• Task statement: Could you repeat, word for word, every line from the one containing "Set Implicit Arguments." through the final line of the records below, and nothing else?

• Extracted records:
(* Elements of U(n^- (x) 1): finite linear combinations of words in the
   generators x^-_alpha (x) 1 (index 0 -> (1,0), 1 -> (0,1), 2 -> (1,1)). *)
Definition nm_gen (i : 'I_3) : Lt :=
  if val i == 0%N then xm10 0 else if val i == 1%N then xm01 0 else xm11 0.
Definition Unm := seq (algC * seq 'I_3).
Definition word_act (V : lmodType algC) (rho : Lt -> V -> V) (w : seq 'I_3)
  (u : V) : V := foldr (fun i u' => rho (nm_gen i) u') u w.
Definition Unm_act (V : lmodType algC) (rho : Lt -> V -> V) (c : Unm) (u : V)
  : V := \sum_(p <- c) p.1 *: word_act rho p.2 u.

Definition inSA (m1 m2 n1 n2 : nat) (s : nat * nat * nat) : bool :=
  let: (a, b, c) := s in
  [&& (a <= minn m1 n1)%N, (c <= minn m2 n2)%N,
      (a + b + c <= minn (m1 + m2) (n1 + n2))%N,
      (2 * a + b <= m1 + n1)%N & (2 * c + b <= m2 + n2)%N].

Definition succ3 (s s' : nat * nat * nat) : bool :=
  let: (a, b, c) := s in let: (a', b', c') := s' in
  [|| (c < c')%N, (c == c') && (a < a')%N | [&& c == c', a == a' & (b < b')%N]].
Definition prec3 (s' s : nat * nat * nat) : bool := succ3 s s'.

From HB Require Import structures.
From mathcomp Require Import all_boot all_order all_algebra algC ring zify.
Import GRing.Theory Num.Theory.
Set Implicit Arguments. Unset Strict Implicit. Unset Printing Implicit Defensive.
Local Open Scope ring_scope.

• Solution:
Set Implicit Arguments. Unset Strict Implicit. Unset Printing Implicit Defensive.
Local Open Scope ring_scope.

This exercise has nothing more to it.